Open borongyuan opened 6 months ago
It is sure it depends what the end goal is. From robotics point of view, one major issue with OctoMap is not really the update step, but that on loop closure detection (when the map's graph is optimized), we need to re-generate the whole OctoMap from scratch. I tried some TSDF approaches in the past (open_chisel that was originally created for Google Tango and cpu_tsdf), but get always stuck on this question: "How to update efficiently online the 3D reconstruction to match the new optimized graph after a loop closure?". Because of that question, these 3D reconstructions approaches are mostly used only offline with RTAB-Map (options available when doing File->Export Clouds...). If with OpenVDB the re-generation is fast (e.g., faster than OctoMap), that could be indeed useful to integrate. Note that if we would want only to use a 3D reconstruction in localization mode (knowing that we won't update the global map), that may be indeed useful for 3D route planning indoor (e.g., for drone). Approaches derived from Elastic Fusion may have some answers to question above, it had some results for deforming a TSDF after loop closure detection, but not sure if it scales well (and it requires quite good computer/GPU to run).
Thanks for the link to STVL, very interesting to get a speed boost on the default costmap voxel layer.
For example, returning to a visited location from the opposite direction has always been a problem for appearance-based loop closure detection.
Yes, it is. New approaches like SuperGlue can match two images looking at same thing but from very different point of views. However, it could be interesting to also see some photo-realistic 3D reconstruction in which we could simulate an image (combination of multiple images of the area taken from different point of views than the current position of the robot) to compare with actual point of view of the robot. NERF volumes can be very realistic, assuming the robot knows where it is in the environment, it could localize by generating an image from the model at that position. While I see great potential for robot localization, I don't see yet how to use NERF online in SLAM mode.
How to update efficiently online the 3D reconstruction to match the new optimized graph after a loop closure?
This is also something I have been thinking about.
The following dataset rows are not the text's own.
(* Let $A$ be a partially ordered set and let $G,H$ be passable games over $A$. Then: (a) $G\le_{c,1} H$ if and only if $G\le H$; (b) $G\le_{c,2} H$ if and only if $G\le H$; (c) $G\le_{c,3} H$ if and only if $G\lhd H$.
   Context: Games over a poset $A$ are defined inductively: for each $a\in A$ there is an atomic game $[a]$, which has no options; and if $L$ and $R$ are non-empty sets of games, then $\{L\mid R\}$ is a composite game with left options $L$ and right options $R$. The relations $\le$ and $\lhd$ are defined by simultaneous recursion: $G\le H$ iff (1) every left option $G^L$ of $G$ satisfies $G^L\lhd H$, (2) every right option $H^R$ of $H$ satisfies $G\lhd H^R$, and (3) if $G$ or $H$ is atomic then $G\lhd H$; and $G\lhd H$ iff (1) some right option $G^R$ of $G$ satisfies $G^R\le H$, or (2) some left option $H^L$ of $H$ satisfies $G\le H^L$, or (3) $G=[a]$, $H=[b]$ are atomic and $a\le b$. A game is passable if $G\lhd G$ and recursively all its options are passable. Sum: for $G$ over $A$ and $K$ over $B$, $G+K$ is the game over $A\times B$ (componentwise order) with $[a]+[b]=[(a,b)]$ and otherwise $G+K=\{G^L+K,G+K^L\mid G^R+K,G+K^R\}$. Map: for a monotone $f:C\to D$ and a game $X$ over $C$, $f(X)$ is the game over $D$ with $f([c])=[f(c)]$ and $f(\{X^L\mid X^R\})=\{f(X^L)\mid f(X^R)\}$; write $G+_fK=f(G+K)$. Let $\mathbb{B}=\{\bot<\top\}$. For a game $X$ over $\mathbb{B}$ (play: players alternate moving to an option of the current position, Left choosing left options and Right right options, until an atomic position is reached; Left wins iff it is $[\top]$), Left has a first-player winning strategy in $X$ iff $X=[\top]$, or $X$ is composite and some left option of $X$ is one in which Left has a second-player winning strategy; Left has a second-player winning strategy in $X$ iff $X=[\top]$, or $X$ is composite and Left has a first-player winning strategy in every right option of $X$. A context for $A$ is a triple $(B,f,K)$ with $B$ a poset, $f:A\times B\to\mathbb{B}$ monotone, and $K$ a passable game over $B$. For passable $G,H$ over $A$: $G\le_{c,1}H$ if for all contexts $(B,f,K)$, if Left has a first-player winning strategy in $G+_fK$ then Left has one in $H+_fK$; $G\le_{c,2}H$ if for all contexts, if Left has a second-player winning strategy in $G+_fK$ then Left has one in $H+_fK$; $G\le_{c,3}H$ if for all contexts, if Left has a second-player winning strategy in $G+_fK$ then Left has a first-player winning strategy in $H+_fK$. *)

Set Implicit Arguments.

Record poset := Poset {
  carrier :> Type;
  ple : carrier -> carrier -> Prop;
  ple_refl : forall x, ple x x;
  ple_antisym : forall x y, ple x y -> ple y x -> x = y;
  ple_trans : forall x y z, ple x y -> ple y z -> ple x z }.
OpenVDB is often used for simulating and rendering sparse volumetric data such as water, fire, smoke and clouds. So it can certainly be used for fast re-generation. But VDBFusion can't do it yet. Its current API only allows adding data. But I am not familiar enough with OpenVDB yet, so integrating VDBFusion first is a good starting point. We’ll see how to improve it later. What I know about OpenVDB is that it is suitable for processing data that is globally sparse and locally dense. It happens that SLAM data has such characteristics.
Another question I have been thinking about is what kind of representation is more suitable for SLAM maps? Different types of environment representations seem to be needed for map visualization, robot navigation, and human-robot interaction. Is it possible to design a universal intermediate representation that can be quickly converted to other types? When I was working on local/global descriptors, I realized that these models actually provided sparse image embedding (only for keypoints). So it naturally occurred to me that we need to try dense image embedding (for every pixels) next. Perhaps SAM is a foundation model worth trying. This seems to imply a path towards semantic SLAM. In the past, people have been focusing on labelized semantics. However, labels have semantic granularity issues and bring ambiguity. Labels cannot describe objects, parts, and subparts well. At the embedding level, there will be no such problem. Moreover, fusion can be performed on multi-frame embeddings. That’s why I now feel that semantic SLAM and 3D reconstruction should be considered together. I hope to build an intermediate representation that can contain information such as color, shape, semantics, etc., and can be updated incrementally. Now many models have Encoder-Decoder structure. A lightweight decoder can convert the intermediate representation into the required output format. So I'm going to try to change it to Encoder->SLAM/Fusion->Decoder.
Hi, I previously considered adding NeRF or 3DGS for 3D reconstruction. But the data they generate seems less suitable for robotic applications. Although they might be useful in other ways. For example, returning to a visited location from the opposite direction has always been a problem for appearance-based loop closure detection. But if we can get a good rendering from the opposite perspective, we might be able to handle this situation. Theoretically there is now an existing way to use data from RTAB-Map for NeRF or 3DGS, but I haven't had time to try it yet.
RTAB-Map -> AliceVision -> COLMAP -> NeRF/3DGS
Now I am more interested to try solutions based on OpenVDB first, such as VDBFusion. Because its data structure is indeed more suitable for handling very large scenes required by SLAM. It's superior to OctoMap, but lacks attention in the robotics field. Currently known robot tools using OpenVDB include Spatio-Temporal Voxel Layer developed by Steve Macenski, and mapit (a project with the same name as one of your apps). When using STVL before, I was really impressed by its high performance. I took a quick look at the VDBFusion code and the API doesn't look complicated. They also contributed some patches to OpenVDB, but all involve the Python wrapper part. If we only need the C++ API, we can try to use OpenVDB distributed by Ubuntu directly.